Let $x$ be width, then length is $x - 3$
Let area be $E$. Then we have:
$E = x \cdot \left(x - 3\right)$
$54 = {x}^{2} - 3 x$
${x}^{2} - 3 x - 54 = 0$

We then do the Discriminant of the equation:

$D = 9 + 216$
$D = 225$

${X}_{1} = \frac{3 + 15}{2} = 9$
${X}_{2} = \frac{3 - 15}{2} = - 6$ Which is declined, since we can't have negative width and length.

So $x = 9$
So width $= x = 9 c m$ and length$= x - 3 = 9 - 3 = 6 c m$

Feb 27, 2018

Length is $6 c m$ and the width is $9 c m$

#### Explanation:

In this question, the length is less than the width. It does not matter at all - they are just names for the sides. Usually the length is longer, but let's go with the question.

Let the width be $x$
The length will be $x - 3 \text{ }$ ( it is $3$cm less)

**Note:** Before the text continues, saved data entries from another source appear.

(* Let $\mathfrak v$ be an exact colinked chain with finite cosupport. Then the subset $\mathbb{LP}(\mathfrak v)^*\subseteq\mathbb{LP}(\mathfrak v)$ parameterizing exact subrepresentations is open and dense in $\mathbb{LP}(\mathfrak v)$.
   Context: Let $k$ be a field. $\mathcal Z$ is the quiver with vertex set $\mathbb Z$ and arrows $\alpha^i\colon i\to i+1$, $\alpha_i\colon i+1\to i$ ($i\in\mathbb Z$). A representation $\mathfrak{v}=(V_i,v_i,v^i)$ has finite-dimensional $k$-spaces $V_i$ and maps $v^i\colon V_i\to V_{i+1}$, $v_i\colon V_{i+1}\to V_i$; compositions $v^i_j$ are $v^{j-1}\circ\cdots\circ v^i$ ($j>i$), $v_j\circ\cdots\circ v_{i-1}$ ($j<i$), identity ($j=i$). A colinked chain satisfies $v_iv^i=0$, $v^iv_i=0$ and $\mathrm{Im}(v_i)+\mathrm{Im}(v^{i-1})=V_i$ for all $i$. A representation is exact if $\ker(v^i)=\mathrm{Im}(v_i)$ and $\ker(v_i)=\mathrm{Im}(v^i)$ for all $i$. A cosupport is $H\subseteq\mathbb Z$ such that for each $i$ there is $j\in H$ with $v^i_j$ injective. $\mathbb{LP}(\mathfrak{v})$ is the set of subrepresentations $\mathfrak w=(W_i)$ (with the restricted maps) with every $W_i\subseteq V_i$ one-dimensional, $v^i(W_i)\subseteq W_{i+1}$, $v_i(W_{i+1})\subseteq W_i$, given the scheme structure of the closed subscheme of $\prod_{i\in H}\mathbb P(V_i)$, for any finite interval cosupport $H$, defined by $v^i_j(x_i)\wedge x_j=0$ for $i,j\in H$. *)

From HB Require Import structures.
From mathcomp Require Import all_boot all_order all_algebra.
Set Implicit Arguments. Unset Strict Implicit. Unset Printing Implicit Defensive.
Import Order.TTheory GRing.Theory Num.Theory.
Local Open Scope ring_scope.

(* A representation of the quiver Z over a field k, with row-vector convention:
   V_i = 'rV[k]_(d i), v^i(x) = x *m up i, v_i(y) = y *m down i. *)

Section Rep.
Variables (k : fieldType) (d : int -> nat).
Variables (up : forall i : int, 'M[k]_(d i, d (i + 1)))
          (down : forall i : int, 'M[k]_(d (i + 1), d i)).

Inductive upR (i : int) (x : 'rV[k]_(d i)) : forall j : int, 'rV[k]_(d j) -> Prop :=
| upR0 : upR x x
| upRS j (y : 'rV[k]_(d j)) : upR x y -> upR x (y *m up j).

Inductive downR (i : int) (x : 'rV[k]_(d i)) : forall j : int, 'rV[k]_(d j) -> Prop :=
| downR0 : downR x x
| downRS j (y : 'rV[k]_(d (j + 1))) : downR x y -> downR x (y *m down j).

(* graph of v^i_j (identity for j = i) *)
Definition compR (i : int) (x : 'rV[k]_(d i)) (j : int) (y : 'rV[k]_(d j)) : Prop :=
  upR x y \/ downR x y.

Definition comp_injective (i j : int) : Prop :=
  forall (x x' : 'rV[k]_(d i)) (y : 'rV[k]_(d j)), compR x y -> compR x' y -> x = x'.

(* colinked chain; the spanning condition Im(v_i) + Im(v^{i-1}) = V_i is
   written at index i+1 (i ranging over all of Z) to avoid type casts. *)
Definition colinked : Prop :=
  forall i : int,
    up i *m down i = 0 /\ down i *m up i = 0 /\
    (1%:M <= down (i + 1)%R + up i)%MS.

Definition exact_rep : Prop :=
  forall i : int, (kermx (up i) == down i)%MS /\ (kermx (down i) == up i)%MS.

Definition cosupport (H : pred int) : Prop :=
  forall i : int, exists j : int, H j /\ comp_injective i j.
Lemma ndvd4_dvdn_odd_double n :
  ~~ (4 %| n) -> exists2 m, odd m & n %| m.*2.
Proof.
have [odd_n _|] := boolP (odd n); first by exists n; rewrite // -muln2 dvdn_mulr.
rewrite -dvdn2 => /dvdnP[h ->] ndvd4; exists h; last by rewrite -muln2.
by apply: contraR ndvd4; rewrite -dvdn2 => /dvdnP[k ->]; rewrite -mulnA dvdn_mull.
Qed.

Lemma ndvd4_sqr_sub q : q %% 4 = 3 -> ~~ (4 %| q ^ 2 - q).
Proof. by move=> q3; rewrite /dvdn; lia. Qed.

Local Open Scope group_scope.

Definition inv_rtransversal (gT : finGroupType) (H G T : {set gT}) : Prop :=
  [/\ T \subset G, {in T, forall t, t^-1 \in T}
    & {in G, forall g, #|T :&: H :* g| = 1%N}].

Definition inv_transversal (gT : finGroupType) (O : {set {set gT}}) (T : {set gT})
  : Prop :=
  [/\ T \subset cover O, {in T, forall t, t^-1 \in T}
    & {in O, forall C, #|T :&: C| = 1%N}].

Definition inv_linked (gT : finGroupType) (Oa Ob : {set {set gT}}) : Prop :=
  {in Oa & Ob, forall A B : {set gT}, exists2 t, t \in A & t^-1 \in B}.

Section DoubleCosets.

Variables (gT : finGroupType) (R : {group gT}).

Definition dcoset x : {set gT} := [set r1 * x * r2 | r1 in R, r2 in R].

Lemma mem_dcoset x r1 r2 : r1 \in R -> r2 \in R -> r1 * x * r2 \in dcoset x.
Proof. by move=> r1R r2R; apply/imset2P; exists r1 r2. Qed.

The area is found from $l \times w$

$A = x \left(x - 3\right) = 54$

${x}^{2} - 3 x - 54 = 0 \text{ } \leftarrow$ make a quadratic equation equal to $0$

Factorise: Find factors of $54$ which differ by $3$

$\left(x \text{ "9)(x" } 6\right) = 0$

There must be more negatives: $\text{ }$ because of $- 3 x$

$\left(x - 9\right) \left(x + 6\right) = 0$

Solve for $x$

$x - 9 = 0 \text{ } \rightarrow x = 9$

$x + 3 = 0 \text{ "rarr x =-3" }$ reject as the length of a side.

the width is $9 c m$ and the length is $9 - 3 = 6 c m$